* _Exercise instructions_
Each line in the records below that has the word "Lemma" should be copied.

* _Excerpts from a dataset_

Section Tomography.
Variables (R : rcfType) (n : nat) (Y : finType) (mu : Y -> 'M[R[i]]_n).
Hypothesis mu_tomo : tomo_complete mu.

Lemma tomo_herm y : herm_mx (mu y).
Proof. by case: mu_tomo => -[psd_mu _] _; apply: psd_herm. Qed.

Lemma hip_tomo_coords (T : Type) (H : T -> 'M[R[i]]_n) :
  (forall t, herm_mx (H t)) ->
  exists c : T -> Y -> R, forall t rho, hip (H t) rho = \sum_y c t y * phi mu rho y.
Proof.
move=> hermH.
have coords t : {c : Y -> R | H t = \sum_y (c y)%:C *: mu y}.
  by apply: constructive_indefinite_description; case: mu_tomo => _; apply.
exists (fun t => sval (coords t)) => t rho.
by rewrite {1}(svalP (coords t)) hip_sum.
Qed.

Lemma qscore_expected_classical (Rep : Type) (s : Rep -> nat -> R)
    (m : Rep -> nat) (nu : Rep -> nat -> 'M[R[i]]_n) :
  (forall r, quantum_measurement (m r) (nu r)) ->
  exists shat : Rep -> Y -> R, forall r rho,
    qscore_expected s m nu r rho = \sum_y phi mu rho y * shat r y.
Proof.
move=> meas_nu.
have herm_nu (t : {r : Rep & 'I_(m r)}) : herm_mx (nu (tag t) (tagged t)).
  by apply: psd_herm; apply: (meas_nu (tag t)).1.
have [c nuE] := hip_tomo_coords herm_nu.
exists (fun r z => \sum_(y < m r) c (Tagged (fun r => 'I_(m r)) y) z * s r y) => r rho.
rewrite /qscore_expected.
under eq_bigr => y _ do rewrite (nuE (Tagged (fun r => 'I_(m r)) y)) mulr_suml.
rewrite exchange_big; apply: eq_bigr => z _; rewrite mulr_sumr.
by apply: eq_bigr => y _; rewrite mulrCA mulrA.
Qed.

* _Answer section_
Lemma tomo_herm y : herm_mx (mu y).
Lemma hip_tomo_coords (T : Type) (H : T -> 'M[R[i]]_n) :
Lemma qscore_expected_classical (Rep : Type) (s : Rep -> nat -> R)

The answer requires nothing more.